**TASK PROMPT:** Word for word, repeat each record that follows.

[Stored data]
Inductive wstep : seq L -> seq L -> Prop :=
| ws_rel u l r v : brel l r -> wstep (u ++ l ++ v) (u ++ r ++ v)
| ws_cancel_r u a v : wstep (u ++ [:: a; linv a] ++ v) (u ++ v)
| ws_cancel_l u a v : wstep (u ++ [:: linv a; a] ++ v) (u ++ v).

Definition weq := clos_refl_sym_trans _ wstep.

Fixpoint wf (a : O) (w : seq L) (b : O) : Prop :=
  match w with
  | [::] => a = b
  | l :: w' => a = src l /\ wf (tgt l) w' b
  end.

Lemma winv_cat u v : winv (u ++ v) = winv v ++ winv u.
Proof. by rewrite /winv map_cat rev_cat. Qed.

Lemma winv_cons l w : winv (l :: w) = winv w ++ [:: linv l].
Proof. by rewrite /winv /= rev_cons cats1. Qed.

Lemma winv2 a b : winv [:: a; b] = [:: linv b; linv a].
Proof. by rewrite /winv /rev /=. Qed.

Lemma wf_cat a b c u v : wf a u b -> wf b v c -> wf a (u ++ v) c.
Proof.
elim: u a => [|l u IH] a /=; first by move=> ->.
by case=> -> H1 H2; split=> //; apply: IH H1 H2.
Qed.

Lemma wf_inv a b w : wf a w b -> wf b (winv w) a.
Proof.
elim: w a => [|l w IH] a /=; first by move=> ->.
case=> -> H; rewrite winv_cons; apply: wf_cat (IH _ H) _ => /=.
by rewrite src_linv tgt_linv.
Qed.

Lemma wstep_catl s x y : wstep x y -> wstep (s ++ x) (s ++ y).
Proof.
case=> [u l r v H|u a v|u a v]; rewrite !(catA s u).
- exact: ws_rel.
- exact: ws_cancel_r.
- exact: ws_cancel_l.
Qed.

Lemma wstep_catr s x y : wstep x y -> wstep (x ++ s) (y ++ s).
Proof.
case=> [u l r v H|u a v|u a v]; rewrite -!catA.
- exact: ws_rel.
- exact: (ws_cancel_r u a (v ++ s)).
- exact: (ws_cancel_l u a (v ++ s)).
Qed.

Lemma weq_catl s x y : weq x y -> weq (s ++ x) (s ++ y).
Proof.
elim=> [a b H|a|a b _ IH|a b c _ IH1 _ IH2].
- by apply: rst_step; apply: wstep_catl.
- exact: rst_refl.
- exact: rst_sym.
- exact: rst_trans IH1 IH2.
Qed.

Lemma weq_catr s x y : weq x y -> weq (x ++ s) (y ++ s).
Proof.
elim=> [a b H|a|a b _ IH|a b c _ IH1 _ IH2].
- by apply: rst_step; apply: wstep_catr.
- exact: rst_refl.
- exact: rst_sym.
- exact: rst_trans IH1 IH2.
Qed.

Lemma weq_cat x x' y y' : weq x x' -> weq y y' -> weq (x ++ y) (x' ++ y').
Proof.
move=> H1 H2; apply: rst_trans (weq_catr _ H1) _; exact: weq_catl.
Qed.

Lemma weq_inv x y : weq x y -> weq (winv x) (winv y).
Proof.
elim=> [a b H|a|a b _ IH|a b c _ IH1 _ IH2].
- apply: rst_step; case: H => [u l r v H|u a' v|u a' v];
    rewrite !winv_cat ?winv2 -!catA.
  + by apply: ws_rel; apply: br_inv.
  + exact: (ws_cancel_l (winv v) (linv a') (winv u)).
  + exact: (ws_cancel_r (winv v) (linv a') (winv u)).
- exact: rst_refl.
- exact: rst_sym.
- exact: rst_trans IH1 IH2.
Qed.
Lemma laurent_ring_mono (T T' : I -> Prop) a :
  (forall i, T i -> T' i) -> laurent_ring c x T a -> laurent_ring c x T' a.
Proof.
move=> sTT'; elim=> *; by [apply: lr_const | apply: lr_var; auto |
  apply: lr_inv; auto | apply: lr_add | apply: lr_opp | apply: lr_mul].
Qed.

Lemma laurent_ring_finite_support (T : I -> Prop) a : laurent_ring c x T a ->
  exists2 s : seq I, {in s, forall i, T i} & laurent_ring c x (fun i => i \in s) a.
Proof.
have merge a1 a2 s1 s2 : {in s1, forall i, T i} -> {in s2, forall i, T i} ->
    laurent_ring c x (fun i => i \in s1) a1 -> laurent_ring c x (fun i => i \in s2) a2 ->
    [/\ {in s1 ++ s2, forall i, T i}, laurent_ring c x (fun i => i \in s1 ++ s2) a1
      & laurent_ring c x (fun i => i \in s1 ++ s2) a2].
  move=> T1 T2 l1 l2; split; first by move=> i; rewrite mem_cat => /orP [/T1|/T2].
    by apply: laurent_ring_mono l1 => i i1; rewrite mem_cat i1.
  by apply: laurent_ring_mono l2 => i i2; rewrite mem_cat i2 orbT.
elim=> {a} [r | i Ti | i Ti | a1 a2 _ [s1 T1 l1] _ [s2 T2 l2] | a _ [s Ts l]
           | a1 a2 _ [s1 T1 l1] _ [s2 T2 l2]].
- by exists [::]; [|apply: lr_const].
- by exists [:: i]; [move=> j /[1!inE] /eqP -> | apply: lr_var; rewrite inE].
- by exists [:: i]; [move=> j /[1!inE] /eqP -> | apply: lr_inv; rewrite inE].
- by have [T12 l1' l2'] := merge _ _ _ _ T1 T2 l1 l2; exists (s1 ++ s2); last apply: lr_add.
- by exists s; last apply: lr_opp.
- by have [T12 l1' l2'] := merge _ _ _ _ T1 T2 l1 l2; exists (s1 ++ s2); last apply: lr_mul.
Qed.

**EXERCISE SOLUTION:**
Inductive wstep : seq L -> seq L -> Prop :=
| ws_rel u l r v : brel l r -> wstep (u ++ l ++ v) (u ++ r ++ v)
| ws_cancel_r u a v : wstep (u ++ [:: a; linv a] ++ v) (u ++ v)
| ws_cancel_l u a v : wstep (u ++ [:: linv a; a] ++ v) (u ++ v).

Definition weq := clos_refl_sym_trans _ wstep.

Fixpoint wf (a : O) (w : seq L) (b : O) : Prop :=
  match w with
  | [::] => a = b
  | l :: w' => a = src l /\ wf (tgt l) w' b
  end.

Lemma winv_cat u v : winv (u ++ v) = winv v ++ winv u.
Proof. by rewrite /winv map_cat rev_cat. Qed.

Lemma winv_cons l w : winv (l :: w) = winv w ++ [:: linv l].
Proof. by rewrite /winv /= rev_cons cats1. Qed.

Lemma winv2 a b : winv [:: a; b] = [:: linv b; linv a].
Proof. by rewrite /winv /rev /=. Qed.

Lemma wf_cat a b c u v : wf a u b -> wf b v c -> wf a (u ++ v) c.
Proof.
elim: u a => [|l u IH] a /=; first by move=> ->.
by case=> -> H1 H2; split=> //; apply: IH H1 H2.
Qed.

Lemma wf_inv a b w : wf a w b -> wf b (winv w) a.
Proof.
elim: w a => [|l w IH] a /=; first by move=> ->.
case=> -> H; rewrite winv_cons; apply: wf_cat (IH _ H) _ => /=.
by rewrite src_linv tgt_linv.
Qed.

Lemma wstep_catl s x y : wstep x y -> wstep (s ++ x) (s ++ y).
Proof.
case=> [u l r v H|u a v|u a v]; rewrite !(catA s u).
- exact: ws_rel.
- exact: ws_cancel_r.
- exact: ws_cancel_l.
Qed.

Lemma wstep_catr s x y : wstep x y -> wstep (x ++ s) (y ++ s).
Proof.
case=> [u l r v H|u a v|u a v]; rewrite -!catA.
- exact: ws_rel.
- exact: (ws_cancel_r u a (v ++ s)).
- exact: (ws_cancel_l u a (v ++ s)).
Qed.

Lemma weq_catl s x y : weq x y -> weq (s ++ x) (s ++ y).
Proof.
elim=> [a b H|a|a b _ IH|a b c _ IH1 _ IH2].
- by apply: rst_step; apply: wstep_catl.
- exact: rst_refl.
- exact: rst_sym.
- exact: rst_trans IH1 IH2.
Qed.

Lemma weq_catr s x y : weq x y -> weq (x ++ s) (y ++ s).
Proof.
elim=> [a b H|a|a b _ IH|a b c _ IH1 _ IH2].
- by apply: rst_step; apply: wstep_catr.
- exact: rst_refl.
- exact: rst_sym.
- exact: rst_trans IH1 IH2.
Qed.

Lemma weq_cat x x' y y' : weq x x' -> weq y y' -> weq (x ++ y) (x' ++ y').
Proof.
move=> H1 H2; apply: rst_trans (weq_catr _ H1) _; exact: weq_catl.
Qed.

Lemma weq_inv x y : weq x y -> weq (winv x) (winv y).
Proof.
elim=> [a b H|a|a b _ IH|a b c _ IH1 _ IH2].
- apply: rst_step; case: H => [u l r v H|u a' v|u a' v];
    rewrite !winv_cat ?winv2 -!catA.
  + by apply: ws_rel; apply: br_inv.
  + exact: (ws_cancel_l (winv v) (linv a') (winv u)).
  + exact: (ws_cancel_r (winv v) (linv a') (winv u)).
- exact: rst_refl.
- exact: rst_sym.
- exact: rst_trans IH1 IH2.
Qed.
Lemma laurent_ring_mono (T T' : I -> Prop) a :
  (forall i, T i -> T' i) -> laurent_ring c x T a -> laurent_ring c x T' a.
Proof.
move=> sTT'; elim=> *; by [apply: lr_const | apply: lr_var; auto |
  apply: lr_inv; auto | apply: lr_add | apply: lr_opp | apply: lr_mul].
Qed.

Lemma laurent_ring_finite_support (T : I -> Prop) a : laurent_ring c x T a ->
  exists2 s : seq I, {in s, forall i, T i} & laurent_ring c x (fun i => i \in s) a.
Proof.
have merge a1 a2 s1 s2 : {in s1, forall i, T i} -> {in s2, forall i, T i} ->
    laurent_ring c x (fun i => i \in s1) a1 -> laurent_ring c x (fun i => i \in s2) a2 ->
    [/\ {in s1 ++ s2, forall i, T i}, laurent_ring c x (fun i => i \in s1 ++ s2) a1
      & laurent_ring c x (fun i => i \in s1 ++ s2) a2].
  move=> T1 T2 l1 l2; split; first by move=> i; rewrite mem_cat => /orP [/T1|/T2].
    by apply: laurent_ring_mono l1 => i i1; rewrite mem_cat i1.
  by apply: laurent_ring_mono l2 => i i2; rewrite mem_cat i2 orbT.
elim=> {a} [r | i Ti | i Ti | a1 a2 _ [s1 T1 l1] _ [s2 T2 l2] | a _ [s Ts l]
           | a1 a2 _ [s1 T1 l1] _ [s2 T2 l2]].
- by exists [::]; [|apply: lr_const].
- by exists [:: i]; [move=> j /[1!inE] /eqP -> | apply: lr_var; rewrite inE].
- by exists [:: i]; [move=> j /[1!inE] /eqP -> | apply: lr_inv; rewrite inE].
- by have [T12 l1' l2'] := merge _ _ _ _ T1 T2 l1 l2; exists (s1 ++ s2); last apply: lr_add.
- by exists s; last apply: lr_opp.
- by have [T12 l1' l2'] := merge _ _ _ _ T1 T2 l1 l2; exists (s1 ++ s2); last apply: lr_mul.
Qed.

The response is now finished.